[Work task] Among the records below, one line contains "From HB Require Import structures."; copy that line and all that follow it, exactly as written.
BEGIN Records provided
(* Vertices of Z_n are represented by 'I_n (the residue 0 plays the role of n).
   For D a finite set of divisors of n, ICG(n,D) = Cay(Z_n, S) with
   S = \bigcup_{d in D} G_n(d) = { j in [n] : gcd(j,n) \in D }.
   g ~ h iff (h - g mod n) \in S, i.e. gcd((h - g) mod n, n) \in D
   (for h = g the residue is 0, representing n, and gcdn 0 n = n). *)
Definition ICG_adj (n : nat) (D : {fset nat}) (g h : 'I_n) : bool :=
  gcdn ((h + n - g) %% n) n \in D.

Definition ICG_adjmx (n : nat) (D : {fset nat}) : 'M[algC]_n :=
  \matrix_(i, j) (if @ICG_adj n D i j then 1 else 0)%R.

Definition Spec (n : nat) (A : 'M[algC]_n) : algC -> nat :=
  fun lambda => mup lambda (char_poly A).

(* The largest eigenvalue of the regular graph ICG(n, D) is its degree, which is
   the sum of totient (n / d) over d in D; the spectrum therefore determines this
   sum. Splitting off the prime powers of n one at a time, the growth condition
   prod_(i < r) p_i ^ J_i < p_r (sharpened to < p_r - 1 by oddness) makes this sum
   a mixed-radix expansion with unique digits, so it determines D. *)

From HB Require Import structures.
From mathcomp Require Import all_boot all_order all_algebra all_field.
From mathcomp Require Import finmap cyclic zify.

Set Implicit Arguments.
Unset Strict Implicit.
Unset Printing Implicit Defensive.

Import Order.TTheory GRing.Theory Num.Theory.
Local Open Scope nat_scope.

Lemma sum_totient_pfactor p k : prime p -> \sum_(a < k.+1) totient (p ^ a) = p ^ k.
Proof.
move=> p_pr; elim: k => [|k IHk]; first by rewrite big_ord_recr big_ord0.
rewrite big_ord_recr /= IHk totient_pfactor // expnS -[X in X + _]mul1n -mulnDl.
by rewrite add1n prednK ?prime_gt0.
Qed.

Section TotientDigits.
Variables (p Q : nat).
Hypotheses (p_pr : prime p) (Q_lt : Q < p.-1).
END Records provided
[Answer to this problem]
From HB Require Import structures.
From mathcomp Require Import all_boot all_order all_algebra all_field.
From mathcomp Require Import finmap cyclic zify.

Set Implicit Arguments.
Unset Strict Implicit.
Unset Printing Implicit Defensive.

Import Order.TTheory GRing.Theory Num.Theory.
Local Open Scope nat_scope.

Lemma sum_totient_pfactor p k : prime p -> \sum_(a < k.+1) totient (p ^ a) = p ^ k.
Proof.
move=> p_pr; elim: k => [|k IHk]; first by rewrite big_ord_recr big_ord0.
rewrite big_ord_recr /= IHk totient_pfactor // expnS -[X in X + _]mul1n -mulnDl.
by rewrite add1n prednK ?prime_gt0.
Qed.

Section TotientDigits.
Variables (p Q : nat).
Hypotheses (p_pr : prime p) (Q_lt : Q < p.-1).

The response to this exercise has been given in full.